> WORK INSTRUCTIONS: Below are the entries; give again exactly the lines from the one mentioning "(* We have $\det(A)\neq0$" through the one mentioning "Definition enorm (x", inclusive.

> SUPPLIED RECORDS:
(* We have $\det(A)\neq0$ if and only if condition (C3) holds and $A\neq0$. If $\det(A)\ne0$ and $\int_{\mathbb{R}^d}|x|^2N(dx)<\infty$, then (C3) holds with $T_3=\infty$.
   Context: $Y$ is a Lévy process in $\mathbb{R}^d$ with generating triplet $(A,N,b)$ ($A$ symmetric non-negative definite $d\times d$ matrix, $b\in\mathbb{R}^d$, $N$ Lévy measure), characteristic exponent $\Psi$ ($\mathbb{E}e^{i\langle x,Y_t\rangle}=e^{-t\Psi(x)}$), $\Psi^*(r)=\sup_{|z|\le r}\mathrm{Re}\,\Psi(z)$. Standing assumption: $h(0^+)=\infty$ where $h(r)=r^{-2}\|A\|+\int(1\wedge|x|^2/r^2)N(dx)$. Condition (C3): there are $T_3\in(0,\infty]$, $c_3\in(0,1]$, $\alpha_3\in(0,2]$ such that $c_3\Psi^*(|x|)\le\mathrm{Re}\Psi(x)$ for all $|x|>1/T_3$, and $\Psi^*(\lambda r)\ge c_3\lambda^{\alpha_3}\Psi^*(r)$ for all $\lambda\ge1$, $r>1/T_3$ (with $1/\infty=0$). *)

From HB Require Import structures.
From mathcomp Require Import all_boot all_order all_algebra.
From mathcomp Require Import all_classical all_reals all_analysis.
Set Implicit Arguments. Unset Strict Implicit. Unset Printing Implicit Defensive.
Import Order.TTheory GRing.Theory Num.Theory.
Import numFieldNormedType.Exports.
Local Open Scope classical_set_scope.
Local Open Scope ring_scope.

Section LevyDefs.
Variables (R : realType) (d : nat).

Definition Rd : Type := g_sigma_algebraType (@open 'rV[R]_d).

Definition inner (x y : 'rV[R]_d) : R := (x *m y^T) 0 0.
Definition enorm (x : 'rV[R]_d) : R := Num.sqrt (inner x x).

==

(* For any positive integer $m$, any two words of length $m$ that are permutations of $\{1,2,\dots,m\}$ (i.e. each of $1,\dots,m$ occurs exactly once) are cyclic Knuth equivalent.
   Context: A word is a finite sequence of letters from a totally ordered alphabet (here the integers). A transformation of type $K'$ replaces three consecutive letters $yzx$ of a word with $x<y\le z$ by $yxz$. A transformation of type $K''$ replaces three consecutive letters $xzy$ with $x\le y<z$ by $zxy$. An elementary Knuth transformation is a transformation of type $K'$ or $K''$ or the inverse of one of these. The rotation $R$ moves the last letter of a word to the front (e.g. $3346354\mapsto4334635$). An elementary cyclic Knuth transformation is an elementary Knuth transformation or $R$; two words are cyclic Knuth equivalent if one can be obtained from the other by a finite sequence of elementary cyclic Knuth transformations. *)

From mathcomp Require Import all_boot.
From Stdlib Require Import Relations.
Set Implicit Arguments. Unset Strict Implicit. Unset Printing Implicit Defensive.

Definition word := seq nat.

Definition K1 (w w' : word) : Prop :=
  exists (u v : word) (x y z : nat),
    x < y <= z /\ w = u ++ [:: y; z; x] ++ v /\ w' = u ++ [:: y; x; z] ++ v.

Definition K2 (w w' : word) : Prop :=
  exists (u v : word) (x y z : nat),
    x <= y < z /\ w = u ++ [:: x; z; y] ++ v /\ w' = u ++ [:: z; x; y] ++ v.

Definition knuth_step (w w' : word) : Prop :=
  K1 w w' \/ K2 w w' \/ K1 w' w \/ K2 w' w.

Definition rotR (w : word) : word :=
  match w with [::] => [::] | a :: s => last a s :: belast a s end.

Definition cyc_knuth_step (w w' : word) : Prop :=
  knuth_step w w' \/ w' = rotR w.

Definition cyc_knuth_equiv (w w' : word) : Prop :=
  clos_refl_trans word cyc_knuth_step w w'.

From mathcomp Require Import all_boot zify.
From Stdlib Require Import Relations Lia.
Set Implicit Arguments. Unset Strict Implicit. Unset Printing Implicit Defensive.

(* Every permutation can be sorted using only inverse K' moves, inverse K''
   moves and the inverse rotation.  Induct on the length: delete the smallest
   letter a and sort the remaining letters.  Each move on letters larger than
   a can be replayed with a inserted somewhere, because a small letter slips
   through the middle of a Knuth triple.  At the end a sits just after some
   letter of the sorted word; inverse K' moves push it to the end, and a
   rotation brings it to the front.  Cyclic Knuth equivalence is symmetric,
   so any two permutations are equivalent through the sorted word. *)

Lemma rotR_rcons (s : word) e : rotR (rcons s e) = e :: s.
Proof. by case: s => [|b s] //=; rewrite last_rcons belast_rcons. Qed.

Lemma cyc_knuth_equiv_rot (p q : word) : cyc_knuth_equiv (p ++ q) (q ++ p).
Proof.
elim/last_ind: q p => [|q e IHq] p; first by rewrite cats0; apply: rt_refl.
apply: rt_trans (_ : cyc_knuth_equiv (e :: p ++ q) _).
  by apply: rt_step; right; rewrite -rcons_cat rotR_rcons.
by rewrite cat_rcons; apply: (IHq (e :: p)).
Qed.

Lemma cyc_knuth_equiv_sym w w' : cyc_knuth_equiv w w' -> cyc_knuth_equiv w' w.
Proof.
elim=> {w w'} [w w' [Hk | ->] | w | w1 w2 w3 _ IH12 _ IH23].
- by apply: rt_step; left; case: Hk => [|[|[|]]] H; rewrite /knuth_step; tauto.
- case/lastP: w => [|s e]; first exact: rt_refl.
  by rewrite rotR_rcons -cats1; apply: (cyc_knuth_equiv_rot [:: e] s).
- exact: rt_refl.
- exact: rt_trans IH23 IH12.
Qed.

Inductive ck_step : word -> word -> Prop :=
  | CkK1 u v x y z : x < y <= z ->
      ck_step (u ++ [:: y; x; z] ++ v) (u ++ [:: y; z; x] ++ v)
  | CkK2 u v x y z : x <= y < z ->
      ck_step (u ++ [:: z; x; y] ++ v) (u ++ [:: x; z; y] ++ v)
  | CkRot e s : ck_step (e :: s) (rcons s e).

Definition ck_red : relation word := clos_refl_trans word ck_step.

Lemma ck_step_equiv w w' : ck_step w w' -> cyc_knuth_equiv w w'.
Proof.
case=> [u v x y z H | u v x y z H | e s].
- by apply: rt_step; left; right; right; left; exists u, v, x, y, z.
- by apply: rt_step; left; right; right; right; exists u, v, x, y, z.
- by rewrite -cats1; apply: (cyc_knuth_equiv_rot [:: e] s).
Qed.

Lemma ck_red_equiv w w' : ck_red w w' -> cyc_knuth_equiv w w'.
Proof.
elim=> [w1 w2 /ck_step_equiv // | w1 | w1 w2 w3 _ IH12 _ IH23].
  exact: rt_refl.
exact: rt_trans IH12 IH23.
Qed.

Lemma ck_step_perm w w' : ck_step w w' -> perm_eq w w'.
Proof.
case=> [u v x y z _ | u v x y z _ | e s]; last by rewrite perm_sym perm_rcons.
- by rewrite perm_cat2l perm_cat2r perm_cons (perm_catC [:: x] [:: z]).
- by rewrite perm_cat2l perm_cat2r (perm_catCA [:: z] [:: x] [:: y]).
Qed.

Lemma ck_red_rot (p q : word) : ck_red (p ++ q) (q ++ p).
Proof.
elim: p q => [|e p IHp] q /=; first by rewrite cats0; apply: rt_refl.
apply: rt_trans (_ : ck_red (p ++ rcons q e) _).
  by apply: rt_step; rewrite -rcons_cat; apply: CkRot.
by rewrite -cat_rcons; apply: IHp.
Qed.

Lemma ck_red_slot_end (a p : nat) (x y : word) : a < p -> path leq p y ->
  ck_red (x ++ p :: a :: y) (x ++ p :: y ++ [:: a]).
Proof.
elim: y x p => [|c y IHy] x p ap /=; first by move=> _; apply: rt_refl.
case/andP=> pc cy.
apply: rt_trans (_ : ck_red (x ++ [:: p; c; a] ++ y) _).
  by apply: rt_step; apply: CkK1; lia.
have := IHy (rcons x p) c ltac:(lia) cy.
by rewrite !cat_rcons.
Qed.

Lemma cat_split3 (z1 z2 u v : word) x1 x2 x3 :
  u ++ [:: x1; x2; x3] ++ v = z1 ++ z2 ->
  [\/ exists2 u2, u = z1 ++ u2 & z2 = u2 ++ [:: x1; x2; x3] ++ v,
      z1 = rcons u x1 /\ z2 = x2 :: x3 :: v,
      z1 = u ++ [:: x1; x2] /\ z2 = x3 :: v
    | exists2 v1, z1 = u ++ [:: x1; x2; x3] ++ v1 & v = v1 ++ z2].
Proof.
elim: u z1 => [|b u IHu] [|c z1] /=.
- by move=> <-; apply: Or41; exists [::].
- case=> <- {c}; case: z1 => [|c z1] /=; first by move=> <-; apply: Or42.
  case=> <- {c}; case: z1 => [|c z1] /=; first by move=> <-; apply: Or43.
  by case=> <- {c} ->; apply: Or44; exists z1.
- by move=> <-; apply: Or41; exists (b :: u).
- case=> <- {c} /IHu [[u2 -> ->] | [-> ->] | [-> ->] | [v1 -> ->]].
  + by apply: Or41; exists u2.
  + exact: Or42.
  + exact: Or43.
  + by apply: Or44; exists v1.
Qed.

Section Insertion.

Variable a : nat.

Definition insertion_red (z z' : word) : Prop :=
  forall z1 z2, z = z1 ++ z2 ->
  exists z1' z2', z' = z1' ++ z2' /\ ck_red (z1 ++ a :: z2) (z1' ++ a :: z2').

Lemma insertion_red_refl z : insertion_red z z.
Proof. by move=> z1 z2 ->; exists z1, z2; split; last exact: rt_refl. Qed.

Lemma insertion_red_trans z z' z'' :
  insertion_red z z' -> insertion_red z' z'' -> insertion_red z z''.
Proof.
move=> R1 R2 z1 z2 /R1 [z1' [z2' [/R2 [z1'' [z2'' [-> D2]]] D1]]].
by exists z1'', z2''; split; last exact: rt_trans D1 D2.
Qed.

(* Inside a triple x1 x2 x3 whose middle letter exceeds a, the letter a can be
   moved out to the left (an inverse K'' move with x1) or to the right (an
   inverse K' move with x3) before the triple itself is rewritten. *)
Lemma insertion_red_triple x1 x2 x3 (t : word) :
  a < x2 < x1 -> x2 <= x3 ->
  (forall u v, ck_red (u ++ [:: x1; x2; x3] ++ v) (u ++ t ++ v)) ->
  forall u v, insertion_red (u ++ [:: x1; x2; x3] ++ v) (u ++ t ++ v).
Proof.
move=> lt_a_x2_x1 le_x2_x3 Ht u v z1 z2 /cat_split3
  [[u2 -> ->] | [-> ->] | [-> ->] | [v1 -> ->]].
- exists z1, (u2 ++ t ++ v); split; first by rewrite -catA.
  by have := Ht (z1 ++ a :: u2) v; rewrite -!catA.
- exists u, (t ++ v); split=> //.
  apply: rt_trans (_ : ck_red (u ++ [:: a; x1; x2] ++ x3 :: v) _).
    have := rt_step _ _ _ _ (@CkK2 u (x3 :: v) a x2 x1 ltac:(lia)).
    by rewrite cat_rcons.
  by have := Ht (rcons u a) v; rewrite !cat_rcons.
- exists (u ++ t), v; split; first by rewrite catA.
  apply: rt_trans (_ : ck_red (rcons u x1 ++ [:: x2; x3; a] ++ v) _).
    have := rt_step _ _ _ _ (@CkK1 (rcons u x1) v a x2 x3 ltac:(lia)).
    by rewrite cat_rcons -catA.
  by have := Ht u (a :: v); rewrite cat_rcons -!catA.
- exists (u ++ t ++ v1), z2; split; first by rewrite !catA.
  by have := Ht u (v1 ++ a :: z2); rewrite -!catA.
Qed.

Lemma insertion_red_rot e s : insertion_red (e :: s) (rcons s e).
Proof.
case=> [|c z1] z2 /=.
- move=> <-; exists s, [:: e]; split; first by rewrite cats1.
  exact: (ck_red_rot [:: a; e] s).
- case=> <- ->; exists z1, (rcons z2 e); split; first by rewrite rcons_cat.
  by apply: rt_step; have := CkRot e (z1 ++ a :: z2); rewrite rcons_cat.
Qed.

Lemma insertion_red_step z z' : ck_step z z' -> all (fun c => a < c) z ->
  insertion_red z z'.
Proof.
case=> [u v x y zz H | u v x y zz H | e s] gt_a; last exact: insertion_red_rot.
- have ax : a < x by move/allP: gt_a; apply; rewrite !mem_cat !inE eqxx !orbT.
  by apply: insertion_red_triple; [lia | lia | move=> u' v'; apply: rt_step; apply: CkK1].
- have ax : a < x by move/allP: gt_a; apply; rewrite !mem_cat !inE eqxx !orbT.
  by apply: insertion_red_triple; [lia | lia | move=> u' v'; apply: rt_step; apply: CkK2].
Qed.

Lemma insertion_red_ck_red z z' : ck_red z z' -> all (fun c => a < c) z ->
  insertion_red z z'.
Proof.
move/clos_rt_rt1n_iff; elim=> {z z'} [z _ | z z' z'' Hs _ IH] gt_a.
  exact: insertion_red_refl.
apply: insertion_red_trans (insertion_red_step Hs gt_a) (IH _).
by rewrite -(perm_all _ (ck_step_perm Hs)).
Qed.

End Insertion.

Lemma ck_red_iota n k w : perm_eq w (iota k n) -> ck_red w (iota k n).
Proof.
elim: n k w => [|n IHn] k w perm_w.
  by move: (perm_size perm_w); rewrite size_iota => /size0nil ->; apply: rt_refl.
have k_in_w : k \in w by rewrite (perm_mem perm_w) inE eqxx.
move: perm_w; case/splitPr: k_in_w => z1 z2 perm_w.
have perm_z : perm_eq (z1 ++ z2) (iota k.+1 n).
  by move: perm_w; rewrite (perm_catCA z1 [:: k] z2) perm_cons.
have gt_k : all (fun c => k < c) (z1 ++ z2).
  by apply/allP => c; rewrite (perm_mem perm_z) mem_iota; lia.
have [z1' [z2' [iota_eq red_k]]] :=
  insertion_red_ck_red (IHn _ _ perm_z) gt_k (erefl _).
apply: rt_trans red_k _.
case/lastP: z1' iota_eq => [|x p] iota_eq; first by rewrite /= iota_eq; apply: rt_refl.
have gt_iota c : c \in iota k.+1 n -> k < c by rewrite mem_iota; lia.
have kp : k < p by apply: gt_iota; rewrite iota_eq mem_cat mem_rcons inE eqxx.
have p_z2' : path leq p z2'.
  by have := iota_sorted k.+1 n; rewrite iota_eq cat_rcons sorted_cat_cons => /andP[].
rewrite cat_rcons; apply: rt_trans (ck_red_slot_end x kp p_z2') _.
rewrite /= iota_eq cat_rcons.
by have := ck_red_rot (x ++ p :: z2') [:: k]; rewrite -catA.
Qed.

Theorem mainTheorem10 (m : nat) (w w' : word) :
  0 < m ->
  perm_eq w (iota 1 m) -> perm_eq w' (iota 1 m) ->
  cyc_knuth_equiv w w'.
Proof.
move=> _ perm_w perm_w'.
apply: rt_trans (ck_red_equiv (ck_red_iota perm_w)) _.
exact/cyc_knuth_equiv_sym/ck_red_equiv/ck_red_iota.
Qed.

...

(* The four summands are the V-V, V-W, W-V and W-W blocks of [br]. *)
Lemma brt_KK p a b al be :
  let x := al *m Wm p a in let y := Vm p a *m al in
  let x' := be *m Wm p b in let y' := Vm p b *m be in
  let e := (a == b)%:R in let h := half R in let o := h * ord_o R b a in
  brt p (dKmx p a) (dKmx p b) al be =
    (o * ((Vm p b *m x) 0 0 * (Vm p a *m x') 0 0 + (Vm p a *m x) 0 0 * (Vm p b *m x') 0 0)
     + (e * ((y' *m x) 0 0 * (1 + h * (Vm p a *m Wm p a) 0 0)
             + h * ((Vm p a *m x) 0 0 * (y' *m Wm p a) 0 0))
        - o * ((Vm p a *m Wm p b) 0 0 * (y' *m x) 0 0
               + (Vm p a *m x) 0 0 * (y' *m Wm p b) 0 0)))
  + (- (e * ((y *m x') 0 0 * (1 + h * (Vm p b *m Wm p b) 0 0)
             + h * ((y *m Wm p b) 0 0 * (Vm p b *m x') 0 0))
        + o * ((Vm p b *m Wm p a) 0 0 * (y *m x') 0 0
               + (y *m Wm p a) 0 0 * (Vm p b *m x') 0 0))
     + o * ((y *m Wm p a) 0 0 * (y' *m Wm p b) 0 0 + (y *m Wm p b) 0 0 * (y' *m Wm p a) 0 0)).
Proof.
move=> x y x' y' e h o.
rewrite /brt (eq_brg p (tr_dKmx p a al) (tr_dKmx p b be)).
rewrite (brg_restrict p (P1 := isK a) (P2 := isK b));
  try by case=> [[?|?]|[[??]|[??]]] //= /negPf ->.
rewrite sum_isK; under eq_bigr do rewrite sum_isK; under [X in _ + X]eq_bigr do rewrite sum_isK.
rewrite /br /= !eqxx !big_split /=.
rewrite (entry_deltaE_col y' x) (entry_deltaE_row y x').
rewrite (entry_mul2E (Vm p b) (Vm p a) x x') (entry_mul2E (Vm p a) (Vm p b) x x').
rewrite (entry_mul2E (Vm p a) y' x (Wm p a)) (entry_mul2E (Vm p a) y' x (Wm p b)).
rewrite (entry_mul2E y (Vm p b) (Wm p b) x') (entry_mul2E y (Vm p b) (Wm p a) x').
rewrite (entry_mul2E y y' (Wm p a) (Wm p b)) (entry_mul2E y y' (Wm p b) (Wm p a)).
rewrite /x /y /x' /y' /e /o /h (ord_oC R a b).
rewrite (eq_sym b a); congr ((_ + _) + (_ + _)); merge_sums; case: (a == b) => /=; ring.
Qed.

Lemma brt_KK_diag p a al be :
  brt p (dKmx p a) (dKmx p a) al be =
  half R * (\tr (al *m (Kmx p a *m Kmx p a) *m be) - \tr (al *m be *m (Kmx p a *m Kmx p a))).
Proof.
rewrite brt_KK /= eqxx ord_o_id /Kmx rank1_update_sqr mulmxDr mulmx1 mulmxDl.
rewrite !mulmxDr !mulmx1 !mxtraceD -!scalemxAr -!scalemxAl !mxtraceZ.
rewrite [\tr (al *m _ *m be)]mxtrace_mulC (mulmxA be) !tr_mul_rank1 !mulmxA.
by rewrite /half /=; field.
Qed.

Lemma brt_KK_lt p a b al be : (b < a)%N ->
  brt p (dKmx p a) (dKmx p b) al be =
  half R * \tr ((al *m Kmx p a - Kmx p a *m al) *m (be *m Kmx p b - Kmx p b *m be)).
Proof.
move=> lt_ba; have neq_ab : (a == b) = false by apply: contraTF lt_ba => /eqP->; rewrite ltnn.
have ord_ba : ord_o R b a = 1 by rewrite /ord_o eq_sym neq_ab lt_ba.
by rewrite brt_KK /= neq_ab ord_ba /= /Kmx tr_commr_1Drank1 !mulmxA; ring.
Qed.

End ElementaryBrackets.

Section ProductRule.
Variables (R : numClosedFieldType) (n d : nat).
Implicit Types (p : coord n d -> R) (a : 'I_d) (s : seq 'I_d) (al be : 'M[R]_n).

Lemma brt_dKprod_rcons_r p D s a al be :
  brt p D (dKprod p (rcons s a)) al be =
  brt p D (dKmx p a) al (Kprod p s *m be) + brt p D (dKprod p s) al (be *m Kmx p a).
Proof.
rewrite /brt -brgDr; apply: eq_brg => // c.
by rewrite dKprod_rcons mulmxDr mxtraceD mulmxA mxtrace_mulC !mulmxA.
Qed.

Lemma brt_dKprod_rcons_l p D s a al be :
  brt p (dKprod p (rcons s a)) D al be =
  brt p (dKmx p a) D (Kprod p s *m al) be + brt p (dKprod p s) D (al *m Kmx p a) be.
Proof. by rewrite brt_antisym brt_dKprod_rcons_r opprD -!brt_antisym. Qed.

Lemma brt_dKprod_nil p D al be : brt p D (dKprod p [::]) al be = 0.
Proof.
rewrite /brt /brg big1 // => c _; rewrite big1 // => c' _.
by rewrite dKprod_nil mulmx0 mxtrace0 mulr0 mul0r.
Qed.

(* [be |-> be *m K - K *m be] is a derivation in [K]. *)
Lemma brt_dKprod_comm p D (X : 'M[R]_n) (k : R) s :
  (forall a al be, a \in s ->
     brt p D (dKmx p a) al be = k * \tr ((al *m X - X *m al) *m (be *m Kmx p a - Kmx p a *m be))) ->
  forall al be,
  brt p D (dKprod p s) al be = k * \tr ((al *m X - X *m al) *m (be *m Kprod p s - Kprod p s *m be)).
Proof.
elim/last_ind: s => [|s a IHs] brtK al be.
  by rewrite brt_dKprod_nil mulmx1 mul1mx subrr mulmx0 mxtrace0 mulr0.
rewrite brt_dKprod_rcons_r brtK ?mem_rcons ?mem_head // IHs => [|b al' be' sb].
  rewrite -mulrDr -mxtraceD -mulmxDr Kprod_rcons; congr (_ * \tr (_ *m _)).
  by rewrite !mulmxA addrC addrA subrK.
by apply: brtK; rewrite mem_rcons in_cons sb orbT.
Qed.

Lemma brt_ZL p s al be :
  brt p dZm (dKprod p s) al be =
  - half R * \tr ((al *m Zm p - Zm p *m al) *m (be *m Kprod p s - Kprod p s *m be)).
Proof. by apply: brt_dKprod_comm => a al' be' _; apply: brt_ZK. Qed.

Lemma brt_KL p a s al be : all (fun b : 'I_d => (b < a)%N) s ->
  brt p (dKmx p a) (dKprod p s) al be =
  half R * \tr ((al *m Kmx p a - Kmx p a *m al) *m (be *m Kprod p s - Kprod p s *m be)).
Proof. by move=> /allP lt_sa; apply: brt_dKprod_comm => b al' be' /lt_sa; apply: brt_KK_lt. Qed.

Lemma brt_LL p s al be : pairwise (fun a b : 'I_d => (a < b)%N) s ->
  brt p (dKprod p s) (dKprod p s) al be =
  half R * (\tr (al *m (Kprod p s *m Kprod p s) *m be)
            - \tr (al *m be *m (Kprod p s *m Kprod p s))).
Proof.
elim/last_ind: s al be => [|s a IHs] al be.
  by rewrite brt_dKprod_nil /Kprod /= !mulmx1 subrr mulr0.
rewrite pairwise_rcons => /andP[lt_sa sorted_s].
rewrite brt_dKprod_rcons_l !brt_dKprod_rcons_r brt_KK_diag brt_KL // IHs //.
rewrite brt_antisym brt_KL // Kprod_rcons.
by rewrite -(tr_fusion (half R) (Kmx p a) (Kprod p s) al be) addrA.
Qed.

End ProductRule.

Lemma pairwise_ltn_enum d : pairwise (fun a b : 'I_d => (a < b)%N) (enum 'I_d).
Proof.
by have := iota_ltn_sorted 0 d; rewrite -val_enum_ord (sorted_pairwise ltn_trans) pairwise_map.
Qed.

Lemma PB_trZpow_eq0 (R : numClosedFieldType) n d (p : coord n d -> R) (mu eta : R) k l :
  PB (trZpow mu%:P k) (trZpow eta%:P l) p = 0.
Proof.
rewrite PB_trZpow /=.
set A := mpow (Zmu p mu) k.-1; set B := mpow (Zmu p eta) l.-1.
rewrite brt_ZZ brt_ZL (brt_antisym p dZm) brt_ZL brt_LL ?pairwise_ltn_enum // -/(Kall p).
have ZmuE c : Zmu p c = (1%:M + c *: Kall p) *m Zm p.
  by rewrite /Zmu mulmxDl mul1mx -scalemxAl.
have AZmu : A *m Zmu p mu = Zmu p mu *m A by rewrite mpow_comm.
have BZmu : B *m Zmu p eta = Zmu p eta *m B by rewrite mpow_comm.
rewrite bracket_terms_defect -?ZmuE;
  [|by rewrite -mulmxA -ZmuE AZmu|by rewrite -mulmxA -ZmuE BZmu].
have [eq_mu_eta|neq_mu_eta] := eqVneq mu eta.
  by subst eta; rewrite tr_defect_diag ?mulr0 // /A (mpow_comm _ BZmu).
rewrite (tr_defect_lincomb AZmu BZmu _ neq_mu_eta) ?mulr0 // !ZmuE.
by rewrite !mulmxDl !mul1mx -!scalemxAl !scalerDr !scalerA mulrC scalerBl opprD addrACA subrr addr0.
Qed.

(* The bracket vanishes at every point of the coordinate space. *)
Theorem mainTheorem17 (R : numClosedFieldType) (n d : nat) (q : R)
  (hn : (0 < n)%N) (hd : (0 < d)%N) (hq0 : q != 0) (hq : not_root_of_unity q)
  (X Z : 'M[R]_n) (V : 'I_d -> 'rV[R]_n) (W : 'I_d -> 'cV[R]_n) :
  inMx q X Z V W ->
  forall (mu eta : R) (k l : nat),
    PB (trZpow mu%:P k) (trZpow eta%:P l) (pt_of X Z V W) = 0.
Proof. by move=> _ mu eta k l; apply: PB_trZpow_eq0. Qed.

> ANSWER TO THIS TASK:
(* We have $\det(A)\neq0$ if and only if condition (C3) holds and $A\neq0$. If $\det(A)\ne0$ and $\int_{\mathbb{R}^d}|x|^2N(dx)<\infty$, then (C3) holds with $T_3=\infty$.
   Context: $Y$ is a Lévy process in $\mathbb{R}^d$ with generating triplet $(A,N,b)$ ($A$ symmetric non-negative definite $d\times d$ matrix, $b\in\mathbb{R}^d$, $N$ Lévy measure), characteristic exponent $\Psi$ ($\mathbb{E}e^{i\langle x,Y_t\rangle}=e^{-t\Psi(x)}$), $\Psi^*(r)=\sup_{|z|\le r}\mathrm{Re}\,\Psi(z)$. Standing assumption: $h(0^+)=\infty$ where $h(r)=r^{-2}\|A\|+\int(1\wedge|x|^2/r^2)N(dx)$. Condition (C3): there are $T_3\in(0,\infty]$, $c_3\in(0,1]$, $\alpha_3\in(0,2]$ such that $c_3\Psi^*(|x|)\le\mathrm{Re}\Psi(x)$ for all $|x|>1/T_3$, and $\Psi^*(\lambda r)\ge c_3\lambda^{\alpha_3}\Psi^*(r)$ for all $\lambda\ge1$, $r>1/T_3$ (with $1/\infty=0$). *)

From HB Require Import structures.
From mathcomp Require Import all_boot all_order all_algebra.
From mathcomp Require Import all_classical all_reals all_analysis.
Set Implicit Arguments. Unset Strict Implicit. Unset Printing Implicit Defensive.
Import Order.TTheory GRing.Theory Num.Theory.
Import numFieldNormedType.Exports.
Local Open Scope classical_set_scope.
Local Open Scope ring_scope.

Section LevyDefs.
Variables (R : realType) (d : nat).

Definition Rd : Type := g_sigma_algebraType (@open 'rV[R]_d).

Definition inner (x y : 'rV[R]_d) : R := (x *m y^T) 0 0.
Definition enorm (x : 'rV[R]_d) : R := Num.sqrt (inner x x).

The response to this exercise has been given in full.